▶ **Task description**: The answer should consist solely of the lines from the first one below through the line containing "move=> mA intf;", copied exactly.

Stored items
/---

Lemma Rintegral_setC (A : set T) (f : T -> R) : measurable A ->
  mu.-integrable setT (EFin \o f) ->
  \int[mu]_(w in ~` A) f w = \int[mu]_w f w - \int[mu]_(w in A) f w.
Proof.
move=> mA intf; rewrite -[in \int[mu]_w _](setUCr A) Rintegral_setU //.
- by rewrite addrAC subrr add0r.
- exact: measurableC.
- by rewrite setUCr.
- by rewrite disj_set2E setICr.
Qed.

Lemma integrable_patch (A : set T) (g : T -> R) : measurable A ->
  mu.-integrable setT (EFin \o g) -> mu.-integrable setT (EFin \o g \_ A).
Proof.
move=> mA intg; rewrite -restrict_EFin.
exact/(integrable_mkcond _ mA)/(integrableS _ _ _ intg).
Qed.

Variable o : T -> bool.
Hypothesis mo : measurable [set w | o w].

Lemma sign_mul_patch (g : T -> R) w :
  (2 * (o w)%:R - 1) * g w = 2 * (g \_ [set w | o w]) w - g w.
Proof.
rewrite /patch; have -> : (w \in [set w | o w]) = o w.
  by apply/idP/idP => [/set_mem|/mem_set].
have point0 : point = 0 :> R by [].
by case: (o w) => /=; rewrite ?point0; ring.
Qed.

Lemma integrable_sign_mul (g : T -> R) : mu.-integrable setT (EFin \o g) ->
  mu.-integrable setT (EFin \o (fun w => (2 * (o w)%:R - 1) * g w)).
Proof.
move=> intg; have intgA := integrable_patch _ _ mo intg.
have := integrableB measurableT (integrableZl measurableT 2 intgA) intg.
by apply: eq_integrable => // w _ /=; rewrite sign_mul_patch EFinB EFinM.
Qed.

Lemma Rintegral_sign_mul (g : T -> R) : mu.-integrable setT (EFin \o g) ->
  \int[mu]_w ((2 * (o w)%:R - 1) * g w)
  = 2 * \int[mu]_(w in [set w | o w]) g w - \int[mu]_w g w.
Proof.
move=> intg; have intgA := integrable_patch _ _ mo intg.
under eq_Rintegral do rewrite sign_mul_patch.
rewrite RintegralB // ?RintegralZl // -?Rintegral_mkcond //.
have := integrableZl measurableT 2 intgA.
by apply: eq_integrable => // w _ /=; rewrite EFinM.
Qed.

End Rintegral_facts.

Section conditional_means.
Context {dT : measure_display} {T : measurableType dT} {R : realType}.
Variable P : probability T R.

Lemma Evec_mulmx (d q : nat) (G : 'M[R]_(q, d)) (Y : T -> 'cV[R]_d) :
  (forall i, P.-integrable setT (fun w => (Y w i 0)%:E)) ->
  Evec P (fun w => G *m Y w) = G *m Evec P Y.
Proof.
move=> intY; apply/matrixP => k j; rewrite ord1 !mxE.
have -> : fine (\int[P]_w ((G *m Y w) k 0)%:E)
          = \int[P]_w (\sum_i G k i * Y w i 0).
  by congr fine; apply: eq_integral => w _; rewrite !mxE.
rewrite Rintegral_sum; last first.
  move=> i; have := integrableZl measurableT (G k i) (intY i).
  by apply: eq_integrable => // w _ /=; rewrite EFinM.
by apply: eq_bigr => i _; rewrite RintegralZl ?mxE //; exact: intY.
Qed.

Variable o : T -> bool.
Hypothesis mo : measurable [set w | o w].
Let p := fine (P [set w | o w]).
Hypothesis p_bounds : 0 < p < 1.

Lemma Econd_sub_EcondC (d : nat) (X : T -> 'cV[R]_d) (i : 'I_d) :
  P.-integrable setT (fun w => (X w i 0)%:E) ->
  p * (1 - p) * (Econd P X [set w | o w] - Econd P X [set w | ~~ o w]) i 0
  = \int[P]_(w in [set w | o w]) X w i 0 - p * Evec P X i 0.
Proof.
move=> intX; have /andP[p_gt0 p_lt1] := p_bounds.
have notoE : [set w | ~~ o w] = ~` [set w | o w].
  by apply/seteqP; split => w /=; move/negP.
have PnotoE : fine (P [set w | ~~ o w]) = 1 - p.
  by rewrite notoE probability_setC // -[P _]fineK ?fin_num_measure.
rewrite !mxE PnotoE -!/(Rintegral P _ _) notoE Rintegral_setC // -/(Rintegral P _ _).
have p_neq0 : p != 0 by rewrite gt_eqF.
have q_neq0 : 1 - p != 0 by rewrite subr_eq0 eq_sym lt_eqF.
by rewrite -/p; field; rewrite p_neq0 q_neq0.
Qed.

Lemma integrable_subr_cst (f : T -> R) (c : R) :
  P.-integrable setT (EFin \o f) -> P.-integrable setT (EFin \o (fun w => f w - c)).
Proof.
move=> intf.
have := integrableB measurableT intf (finite_measure_integrable_cst P c measurableT).
by apply: eq_integrable => // w _ /=; rewrite EFinB.
Qed.

Lemma Evec_sign_centered (d : nat) (X : T -> 'cV[R]_d) :
  (forall i, P.-integrable setT (fun w => (X w i 0)%:E)) ->
  Evec P (fun w => (2 * (o w)%:R - 1) *: (X w - Evec P X))
  = (2 * (p * (1 - p))) *: (Econd P X [set w | o w] - Econd P X [set w | ~~ o w]).
Proof.
move=> intX; apply/matrixP => i j; rewrite ord1 [RHS]mxE -mulrA Econd_sub_EcondC //.
set m : R := Evec P X i 0.
have -> : Evec P (fun w => (2 * (o w)%:R - 1) *: (X w - Evec P X)) i 0
          = \int[P]_w ((2 * (o w)%:R - 1) * (X w i 0 - m)).
  by rewrite mxE; congr fine; apply: eq_integral => w _; rewrite 3!mxE.
rewrite Rintegral_sign_mul //; last first.
  exact: (integrable_subr_cst (fun w => X w i 0) m (intX i)).
have intXA : P.-integrable [set w | o w] (EFin \o (fun w => X w i 0)).
  exact: integrableS (intX i).
have int_cst D : measurable D -> P.-integrable D (fun=> m%:E).
  by move=> mD; have := finite_measure_integrable_cst P m mD.
have mE : \int[P]_w X w i 0 = m by rewrite /m mxE.
rewrite !RintegralB // ?int_cst //; last by have := intX i.
rewrite (Rintegral_cst _ mo) (Rintegral_cst _ measurableT) mE -/p.
rewrite (_ : fine _ = 1); last exact: (congr1 fine (probability_setT P)).
by rewrite mulr1 subrr subr0 [m * p]mulrC.
Qed.

Lemma Evec_sign_update_parallel (d q : nat) (J : 'M[R]_(d, q)) (B c : R)
    (M : 'M[R]_d) (X : T -> 'cV[R]_d) :
  0 <= c -> (forall i, P.-integrable setT (fun w => (X w i 0)%:E)) ->
  exists2 lam : R, 0 <= lam &
    Evec P (fun w => (c * (2 * (o w)%:R - 1)) *: (J^T *m (B *: (M *m (X w - Evec P X)))))
    = lam *: (J^T *m (B *: (M *m (Econd P X [set w | o w] - Econd P X [set w | ~~ o w])))).
Proof.
move=> c_ge0 intX; have /andP[p_gt0 p_lt1] := p_bounds.
exists (c * (2 * (p * (1 - p)))); first by rewrite !mulr_ge0 // ?subr_ge0 ltW.
set G := c *: (J^T *m (B *: M)).
have factor k (Y : 'cV[R]_d) : (c * k) *: (J^T *m (B *: (M *m Y))) = G *m (k *: Y).
  by rewrite /G -!scalemxAl -mulmxA -!scalemxAl -!scalemxAr !scalerA [B * k]mulrC mulrA.
rewrite (eq_fun (fun w => factor _ _)) factor Evec_mulmx ?Evec_sign_centered // => i.
have := integrable_sign_mul P o mo _
  (integrable_subr_cst (fun w => X w i 0) (Evec P X i 0) (intX i)).
by apply: eq_integrable => // w _ /=; rewrite 3![in RHS]mxE.
Qed.

End conditional_means.
Theorem lemma4p1 (k : comPzRingType) (tens : tensor_family k) (H : algType k)
  (Delta : H -> tensor tens H H) (eps : H -> k) :
  is_bialgebra Delta eps ->
  (* (1) the unique natural Omega with mate id is theta *)
  [/\ is_nat_trans Delta (theta_fam Delta) /\ mate_is_id Delta eps (theta_fam Delta),
      (forall Om : hmod_family tens H,
         is_nat_trans Delta Om -> mate_is_id Delta eps Om ->
         forall (M : lmodType k) (act : H -> M -> M), is_hmodule act ->
         forall u, Om M act u = theta Delta u),
      (forall (M : lmodType k) (act : H -> M -> M), is_hmodule act ->
       forall (a b : H) (m : M),
         theta Delta (tmul tens a (tmul tens b m))
         = tlift (tens:=tens) (fun a1 a2 => tmul tens (a1 * b) (tmul tens a2 m)) (Delta a)),
      (* (2) each theta_M is a morphism of Hopf modules T^theta G M -> G T M *)
      (forall (M : lmodType k) (act : H -> M -> M), is_hmodule act ->
         is_hopf_module_morphism
           (@free_act _ tens H (tensor tens H M))
           (Ttheta_coact Delta (G_coact Delta (M:=M)))
           (diag_act Delta (@free_act _ tens H M))
           (@G_coact _ tens H Delta (tensor tens H M))
           (theta Delta (M:=M)))
    & (* (3) *)
      forall (S Sinv : H -> H),
        is_antipode Delta eps S -> cancel S Sinv -> cancel Sinv S ->
        (forall (M : lmodType k) (act : H -> M -> M), is_hmodule act ->
           cancel (theta Delta (M:=M)) (theta_inv Delta Sinv (M:=M))
           /\ cancel (theta_inv Delta Sinv (M:=M)) (theta Delta (M:=M)))
        /\ is_lax_comonad_morphism Delta (theta_fam Delta)].
Proof.
move=> bialg; have Delta_lin := bialgebra_Delta_klinear bialg.
have theta_nat : is_nat_trans Delta (theta_fam Delta).
  split=> [M act _ | M M' act act' f _ _ [f_lin _] u].
    exact: (theta_hopf_module_morphism bialg).
  exact: theta_natural.
split=> //.
- by split=> // N act rho N_hopf t; exact: (theta_mate bialg t N_hopf).
- by move=> Om Om_nat Om_mate M act act_hmod u; apply: (natural_mate_id_theta bialg).
- by move=> M act _ a b m; apply: theta_tmul.
- by move=> M act _; apply: (theta_hopf_module_morphism bialg).
move=> S Sinv antipode SK SinvK; split=> [M act _ | M act [act_bilin _ _]].
  split; first exact: (thetaK bialg antipode SK SinvK).
  exact: (theta_invK bialg antipode SK SinvK).
by split=> u; [apply: (T_comult_theta bialg) | apply: T_counit_theta].
Qed.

\---

▶ **Result below**:
Lemma Rintegral_setC (A : set T) (f : T -> R) : measurable A ->
  mu.-integrable setT (EFin \o f) ->
  \int[mu]_(w in ~` A) f w = \int[mu]_w f w - \int[mu]_(w in A) f w.
Proof.
move=> mA intf; rewrite -[in \int[mu]_w _](setUCr A) Rintegral_setU //.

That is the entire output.